> **Task details**:
Lines from the top of the entries through the line that has "Definition triangle (A" must be duplicated exactly, and no others.

Saved data entries

(* Let $n\ge2$ and let $T_1,\dots,T_n$ be distinct triangles in $E$, and let $S$ be the set of vertices of the polygon $\bigcap_{i=1}^nT_i$. Then $|S|=3n$.
   Context: For $d>0$ let $C_d=\{(x,y)\in\mathbb{R}^2: x^2+y^2\le d\}$, and $C=C_1$. $E$ is the set of all equilateral triangles $T\subseteq C$ whose vertices lie on the boundary of $C$. *)

From Stdlib Require Import Reals List.
Open Scope R_scope.

Definition point := (R * R)%type.

Definition sqdist (p q : point) : R :=
  (fst p - fst q) ^ 2 + (snd p - snd q) ^ 2.

Definition Cd (d : R) (p : point) : Prop := fst p ^ 2 + snd p ^ 2 <= d.
Definition Cdisk : point -> Prop := Cd 1.

Definition on_circle (p : point) : Prop := fst p ^ 2 + snd p ^ 2 = 1.

Definition triangle (A B Q : point) (p : point) : Prop :=
  exists a b c : R, 0 <= a /\ 0 <= b /\ 0 <= c /\ a + b + c = 1 /\
    p = (a * fst A + b * fst B + c * fst Q, a * snd A + b * snd B + c * snd Q).

Definition in_E (T : point -> Prop) : Prop :=
  (forall p, T p -> Cdisk p) /\
  exists A B Q : point,
    on_circle A /\ on_circle B /\ on_circle Q /\
    0 < sqdist A B /\ sqdist A B = sqdist B Q /\ sqdist B Q = sqdist Q A /\
    (forall p, T p <-> triangle A B Q p).

Definition vertex (K : point -> Prop) (p : point) : Prop :=
  K p /\
  ~ (exists (x y : point) (t : R), K x /\ K y /\ x <> y /\ 0 < t < 1 /\
       p = (t * fst x + (1 - t) * fst y, t * snd x + (1 - t) * snd y)).

(* intersection of T_0, ..., T_{n-1} *)
Definition big_inter (n : nat) (T : nat -> point -> Prop) (p : point) : Prop :=
  forall i, (i < n)%nat -> T i p.

From Pilot Require Import Defs.
From Stdlib Require Import Reals List Lra Lia Psatz Classical ClassicalEpsilon.
Import ListNotations.
Open Scope R_scope.

(* A triangle of E has its vertices A, B, Q on the unit circle with A + B + Q = 0,
   and it is the set of points p with [dot p X >= -1/2] for its three vertices X:
   its sides are tangent to the circle of radius 1/2, with outward unit normals
   -A, -B, -Q.  Hence the intersection of n such triangles is the polygon cut out
   by 3n tangent lines of that circle, and these are distinct because an inscribed
   equilateral triangle is determined by any one of its vertices.  A polygon cut out
   by finitely many distinct tangent lines of a circle, every normal having another
   one strictly less than a half-turn counterclockwise from it, has exactly one
   vertex per tangent line: the edge on the tangent line of u ends where it meets the
   tangent line of the next normal after u counterclockwise. *)

Definition dot (p q : point) : R := fst p * fst q + snd p * snd q.
Definition cross (p q : point) : R := fst p * snd q - snd p * fst q.
Definition opp (p : point) : point := (- fst p, - snd p).
Definition unit_vec (p : point) : Prop := fst p ^ 2 + snd p ^ 2 = 1.

Lemma dot_comm u v : dot u v = dot v u.
Proof. unfold dot; ring. Qed.

Lemma dot_opp_r p u : dot p (opp u) = - dot p u.
Proof. unfold dot, opp; simpl; ring. Qed.

Lemma cross_anti u v : cross u v = - cross v u.
Proof. unfold cross; ring. Qed.

Lemma cross_self v : cross v v = 0.
Proof. unfold cross; ring. Qed.

Lemma cross_opp u v : cross (opp u) (opp v) = cross u v.
Proof. unfold cross, opp; simpl; ring. Qed.

Lemma unit_vec_opp u : unit_vec u -> unit_vec (opp u).
Proof. unfold unit_vec, opp; simpl; intros H; nra. Qed.

Lemma dot_unit_self u : unit_vec u -> dot u u = 1.
Proof. unfold unit_vec, dot; intros H; nra. Qed.

Lemma lagrange_identity a b :
  dot a b ^ 2 + cross a b ^ 2 = (fst a ^ 2 + snd a ^ 2) * (fst b ^ 2 + snd b ^ 2).
Proof. unfold dot, cross; ring. Qed.

Lemma sum_sq_eq0 x y : x ^ 2 + y ^ 2 = 0 -> x = 0 /\ y = 0.
Proof. intros H; pose proof (pow2_ge_0 x); pose proof (pow2_ge_0 y); split; nra. Qed.

Lemma sqdist_eq0 a b : sqdist a b = 0 -> a = b.
Proof.
  destruct a as [a1 a2], b as [b1 b2]; unfold sqdist; simpl; intros H.
  destruct (sum_sq_eq0 _ _ H); f_equal; lra.
Qed.

Lemma sqdist_unit a b : unit_vec a -> unit_vec b -> sqdist a b = 2 - 2 * dot a b.
Proof.
  unfold unit_vec; intros Ha Hb.
  replace (sqdist a b) with ((fst a ^ 2 + snd a ^ 2) + (fst b ^ 2 + snd b ^ 2) - 2 * dot a b)
    by (unfold sqdist, dot; ring).
  rewrite Ha, Hb; ring.
Qed.

Lemma unit_dot_le1 a b : unit_vec a -> unit_vec b -> dot a b <= 1.
Proof.
  intros Ha Hb; pose proof (sqdist_unit a b Ha Hb).
  assert (0 <= sqdist a b) by (unfold sqdist; pose proof (pow2_ge_0 (fst a - fst b));
                               pose proof (pow2_ge_0 (snd a - snd b)); lra).
  lra.
Qed.

Lemma unit_dot_ge_m1 a b : unit_vec a -> unit_vec b -> -1 <= dot a b.
Proof.
  intros Ha Hb; pose proof (unit_dot_le1 a (opp b) Ha (unit_vec_opp b Hb)).
  rewrite dot_opp_r in *; lra.
Qed.

Lemma unit_dot_lt1 a b : unit_vec a -> unit_vec b -> a <> b -> dot a b < 1.
Proof.
  intros Ha Hb Hab; pose proof (unit_dot_le1 a b Ha Hb).
  destruct (Req_dec (dot a b) 1) as [E|]; [|lra].
  exfalso; apply Hab, sqdist_eq0; rewrite sqdist_unit, E by auto; ring.
Qed.

Lemma eq_of_dot_independent a b x y :
  cross a b <> 0 -> dot x a = dot y a -> dot x b = dot y b -> x = y.
Proof.
  destruct a as [a1 a2], b as [b1 b2], x as [x1 x2], y as [y1 y2]; unfold cross, dot; simpl.
  intros Hab Ha Hb.
  assert (E1 : (x1 - y1) * (a1 * b2 - a2 * b1) = 0).
  { transitivity (b2 * (x1 * a1 + x2 * a2 - (y1 * a1 + y2 * a2))
                  - a2 * (x1 * b1 + x2 * b2 - (y1 * b1 + y2 * b2))); [ring|].
    rewrite Ha, Hb; ring. }
  assert (E2 : (x2 - y2) * (a1 * b2 - a2 * b1) = 0).
  { transitivity (a1 * (x1 * b1 + x2 * b2 - (y1 * b1 + y2 * b2))
                  - b1 * (x1 * a1 + x2 * a2 - (y1 * a1 + y2 * a2))); [ring|].
    rewrite Ha, Hb; ring. }
  apply Rmult_integral in E1; apply Rmult_integral in E2.
  f_equal; lra.
Qed.

Lemma sq_eq_cases x y : x ^ 2 = y ^ 2 -> x = y \/ x = - y.
Proof.
  intros H; assert (E : (x - y) * (x + y) = 0) by (transitivity (x ^ 2 - y ^ 2); [ring | lra]).
  apply Rmult_integral in E; lra.
Qed.

Lemma eq_of_dot_cross p u w : fst p ^ 2 + snd p ^ 2 <> 0 ->
  dot p u = dot p w -> cross p u = cross p w -> u = w.
Proof.
  intros Hp Hd Hc.
  apply (eq_of_dot_independent p (- snd p, fst p)).
  - unfold cross; simpl; intros E; apply Hp; lra.
  - rewrite !(dot_comm _ p); auto.
  - revert Hc; unfold cross, dot; simpl; lra.
Qed.
Definition qadd (p q : quat) : quat :=
  Q (q0 p + q0 q) (q1 p + q1 q) (q2 p + q2 q) (q3 p + q3 q).
Definition qopp (p : quat) : quat := Q (- q0 p) (- q1 p) (- q2 p) (- q3 p).
Definition qsub (p q : quat) : quat := qadd p (qopp q).
Definition qscal (r : R) (p : quat) : quat :=
  Q (r * q0 p) (r * q1 p) (r * q2 p) (r * q3 p).
Definition qmul (p q : quat) : quat :=
  Q (q0 p * q0 q - q1 p * q1 q - q2 p * q2 q - q3 p * q3 q)
    (q0 p * q1 q + q1 p * q0 q + q2 p * q3 q - q3 p * q2 q)
    (q0 p * q2 q - q1 p * q3 q + q2 p * q0 q + q3 p * q1 q)
    (q0 p * q3 q + q1 p * q2 q - q2 p * q1 q + q3 p * q0 q).
Definition qnorm2 (p : quat) : R := q0 p ^ 2 + q1 p ^ 2 + q2 p ^ 2 + q3 p ^ 2.
Definition qconj (p : quat) : quat := Q (q0 p) (- q1 p) (- q2 p) (- q3 p).
(* quaternion inverse (only meaningful for p <> 0) *)
Definition qinv (p : quat) : quat := qscal (/ qnorm2 p) (qconj p).

Definition is_complex (z : quat) : Prop := q2 z = 0 /\ q3 z = 0.
Definition cconj (z : quat) : quat := qconj z.

Definition in_S2 (n : quat) : Prop := q0 n = 0 /\ qmul n n = qopp qone.

(* Splitting H = C (+) jC of a quaternion q = z + j w :
   cpart q = z (in C), jpart q = j w (in jC). *)
Definition cpart (q : quat) : quat := Q (q0 q) (q1 q) 0 0.
Definition jpart (q : quat) : quat := Q 0 0 (q2 q) (q3 q).

(* Calculus on a coordinate chart U of the (universal cover of the)    *)
(* Riemann surface: U is an open subset of R^2 = C, z = x + i y, with  *)
(* complex structure J_M d/dx = d/dy, J_M d/dy = - d/dx.               *)
Definition pdx (f : R * R -> R) (p : R * R) : R :=
  Derive (fun t => f (t, snd p)) (fst p).
Definition pdy (f : R * R -> R) (p : R * R) : R :=
  Derive (fun t => f (fst p, t)) (snd p).

Fixpoint Ck (k : nat) (U : R * R -> Prop) (f : R * R -> R) : Prop :=
  match k with
  | O => forall p, U p -> continuous f p
  | S k' =>
      (forall p, U p ->
         continuous f p /\
         ex_derive (fun t => f (t, snd p)) (fst p) /\
         ex_derive (fun t => f (fst p, t)) (snd p)) /\
      Ck k' U (pdx f) /\ Ck k' U (pdy f)
  end.

Definition smooth_on (U : R * R -> Prop) (f : R * R -> R) : Prop :=
  forall k, Ck k U f.

Definition qsmooth_on (U : R * R -> Prop) (F : R * R -> quat) : Prop :=
  smooth_on U (fun p => q0 (F p)) /\ smooth_on U (fun p => q1 (F p)) /\
  smooth_on U (fun p => q2 (F p)) /\ smooth_on U (fun p => q3 (F p)).

Definition qdx (F : R * R -> quat) (p : R * R) : quat :=
  Q (pdx (fun p => q0 (F p)) p) (pdx (fun p => q1 (F p)) p)
    (pdx (fun p => q2 (F p)) p) (pdx (fun p => q3 (F p)) p).
Definition qdy (F : R * R -> quat) (p : R * R) : quat :=
  Q (pdy (fun p => q0 (F p)) p) (pdy (fun p => q1 (F p)) p)
    (pdy (fun p => q2 (F p)) p) (pdy (fun p => q3 (F p)) p).

(* H-valued 1-forms, given by their values on d/dx and d/dy *)
Record form1 := F1 { fx : R * R -> quat; fy : R * R -> quat }.

Definition dform (F : R * R -> quat) : form1 := F1 (qdx F) (qdy F).
(* Hodge star: ( *w)(X) = w(J_M X) *)
Definition star (w : form1) : form1 := F1 (fy w) (fun p => qopp (fx w p)).
(* exterior derivative of a 1-form, evaluated on (d/dx, d/dy) *)
Definition d1 (w : form1) (p : R * R) : quat := qsub (qdx (fy w) p) (qdy (fx w) p).
(* wedge product of H-valued 1-forms, evaluated on (d/dx, d/dy) *)
Definition wedge (a b : form1) (p : R * R) : quat :=
  qsub (qmul (fx a p) (fy b p)) (qmul (fy a p) (fx b p)).

Definition harmonic_S2 (U : R * R -> Prop) (N : R * R -> quat) : Prop :=
  qsmooth_on U N /\ (forall p, U p -> in_S2 (N p)) /\
  (forall p, U p ->
     d1 (star (dform N)) p = qmul (N p) (wedge (dform N) (star (dform N)) p)).

(* Hopf field A = (J dJ + *dJ)/4, J = left multiplication by N.
   Values are quaternions acting by left multiplication. *)
Definition hopfA (N : R * R -> quat) : form1 :=
  F1 (fun p => qscal (/ 4) (qadd (qmul (N p) (fx (dform N) p)) (fx (star (dform N)) p)))
     (fun p => qscal (/ 4) (qadd (qmul (N p) (fy (dform N) p)) (fy (star (dform N)) p))).

(* A^(1,0) = 1/2 (A - I *A), A^(0,1) = 1/2 (A + I *A), I = right mult. by i,
   applied to a vector v in H, on d/dx (x) and d/dy (y). *)
Definition A10x N p v :=
  qscal (/ 2) (qsub (qmul (fx (hopfA N) p) v) (qmul (qmul (fx (star (hopfA N)) p) v) qi)).
Definition A10y N p v :=
  qscal (/ 2) (qsub (qmul (fy (hopfA N) p) v) (qmul (qmul (fy (star (hopfA N)) p) v) qi)).
Definition A01x N p v :=
  qscal (/ 2) (qadd (qmul (fx (hopfA N) p) v) (qmul (qmul (fx (star (hopfA N)) p) v) qi)).
Definition A01y N p v :=
  qscal (/ 2) (qadd (qmul (fy (hopfA N) p) v) (qmul (qmul (fy (star (hopfA N)) p) v) qi)).

(* Associated family d_lam = d + (lam-1) A^(1,0) + (lam^-1 - 1) A^(0,1);
   complex numbers act by right multiplication. *)
Definition dlam (N : R * R -> quat) (lam : quat) (psi : R * R -> quat) : form1 :=
  F1 (fun p => qadd (qdx psi p)
        (qadd (qmul (A10x N p (psi p)) (qsub lam qone))
              (qmul (A01x N p (psi p)) (qsub (qinv lam) qone))))
     (fun p => qadd (qdy psi p)
        (qadd (qmul (A10y N p (psi p)) (qsub lam qone))
              (qmul (A01y N p (psi p)) (qsub (qinv lam) qone)))).

Definition parallel_on (U : R * R -> Prop) (nabla : form1) : Prop :=
  forall p, U p -> fx nabla p = qzero /\ fy nabla p = qzero.

Definition nontrivial_on (U : R * R -> Prop) (N : R * R -> quat) : Prop :=
  exists lam psi, is_complex lam /\ lam <> qzero /\ qsmooth_on U psi /\
    ~ (forall p, U p -> fx (dlam N lam psi) p = fx (dform psi) p /\
                        fy (dlam N lam psi) p = fy (dform psi) p).

(* projections for H = M_mu (+) M_mu^perp, M_mu = phi C, M_mu^perp = M_mu j *)
Definition pi_mu (phi v : quat) : quat := qmul phi (cpart (qmul (qinv phi) v)).
Definition pi_mu_perp (phi v : quat) : quat := qmul phi (jpart (qmul (qinv phi) v)).
Definition gamma_lam (mu lam : quat) : quat :=
  qmul (qmul (qsub qone (qinv (cconj mu))) (qinv (qsub qone mu)))
       (qmul (qsub lam mu) (qinv (qsub lam (qinv (cconj mu))))).
(* gamma_infty = lim_{lam -> infty} gamma_lam = (1 - conj(mu)^-1)/(1 - mu) *)
Definition gamma_inf (mu : quat) : quat :=
  qmul (qsub qone (qinv (cconj mu))) (qinv (qsub qone mu)).
Definition r_lam (mu lam phi v : quat) : quat :=
  qadd (qmul (pi_mu phi v) (gamma_lam mu lam)) (pi_mu_perp phi v).
Definition r_inf (mu phi v : quat) : quat :=
  qadd (qmul (pi_mu phi v) (gamma_inf mu)) (pi_mu_perp phi v).

(* Nhat is the simple factor dressing of N w.r.t. M_mu = phi C:
   for mu in S^1, Nhat = N; otherwise Nhat : U -> S^2 and its complex
   structure Jhat (left mult. by Nhat) is I on Ehat = r_infty E,
   E = { v | N v = v i } the +i eigenspace of J. *)
Definition simple_factor_dressing (U : R * R -> Prop) (N phi : R * R -> quat)
    (mu : quat) (Nhat : R * R -> quat) : Prop :=
  forall p, U p ->
    (qnorm2 mu = 1 -> Nhat p = N p) /\
    (qnorm2 mu <> 1 ->
       in_S2 (Nhat p) /\
       forall e, qmul (N p) e = qmul e qi ->
         qmul (Nhat p) (r_inf mu (phi p) e) = qmul (r_inf mu (phi p) e) qi).

Definition dt_a (mu : quat) : quat := qscal (/ 2) (qadd mu (qinv mu)).
Definition dt_b (mu : quat) : quat := qmul qi (qscal (/ 2) (qsub (qinv mu) mu)).
Definition darbouxT (N phi : R * R -> quat) (mu : quat) (p : R * R) : quat :=
  qscal (/ 2)
    (qadd (qmul (qmul (qmul (N p) (phi p)) (qsub (dt_a mu) qone)) (qinv (phi p)))
          (qmul (qmul (phi p) (dt_b mu)) (qinv (phi p)))).

Definition darboux_transform (N phi : R * R -> quat) (mu : quat) (p : R * R) : quat :=
  qmul (qmul (qinv (darbouxT N phi mu p)) (N p)) (darbouxT N phi mu p).

From Stdlib Require Import Reals Lra.
From Coquelicot Require Import Coquelicot.
Open Scope R_scope.

(* After the gauge [n = phi^-1 N phi] the factor is [T = phi (n s + b) phi^-1 / 2] with the
   complex numbers [s = a - 1] and [b], and [r_infty e = phi (y_C gamma + y_jC)] for
   [y = phi^-1 e].  Since [gamma = gamma_infty] satisfies [(s + i b) gamma = conj s + i conj b],
   [T r_infty] maps the [+i] eigenline [E] of [N] into itself; hence [T^-1 N T] acts as [I] on
   [r_infty E], and a complex structure in [S^2] is determined by one such non-zero vector.
   On the unit circle [s] and [b] are real, so [T] commutes with [N]. *)

Ltac quat_unfold :=
  unfold qsub, qmul, qadd, qopp, qscal, qconj, qone, qi, qj, qzero, cpart, jpart in *;
  simpl in *.
(* Componentwise expansion; its cost grows exponentially with the nesting of [qmul], so
   nested products are abstracted before calling it. *)
Ltac quat_expand := repeat match goal with q : quat |- _ => destruct q as [?a ?b ?c ?d] end;
  unfold qsub, qmul, qadd, qopp, qscal, qconj, qone, qi, qj, qzero, cpart, jpart;
  cbn [q0 q1 q2 q3]; f_equal.
Ltac quat_ring := quat_expand; ring.
Ltac quat_field := quat_expand; field.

> **Reply to the task**:
(* Let $n\ge2$ and let $T_1,\dots,T_n$ be distinct triangles in $E$, and let $S$ be the set of vertices of the polygon $\bigcap_{i=1}^nT_i$. Then $|S|=3n$.
   Context: For $d>0$ let $C_d=\{(x,y)\in\mathbb{R}^2: x^2+y^2\le d\}$, and $C=C_1$. $E$ is the set of all equilateral triangles $T\subseteq C$ whose vertices lie on the boundary of $C$. *)

From Stdlib Require Import Reals List.
Open Scope R_scope.

Definition point := (R * R)%type.

Definition sqdist (p q : point) : R :=
  (fst p - fst q) ^ 2 + (snd p - snd q) ^ 2.

Definition Cd (d : R) (p : point) : Prop := fst p ^ 2 + snd p ^ 2 <= d.
Definition Cdisk : point -> Prop := Cd 1.

Definition on_circle (p : point) : Prop := fst p ^ 2 + snd p ^ 2 = 1.

Definition triangle (A B Q : point) (p : point) : Prop :=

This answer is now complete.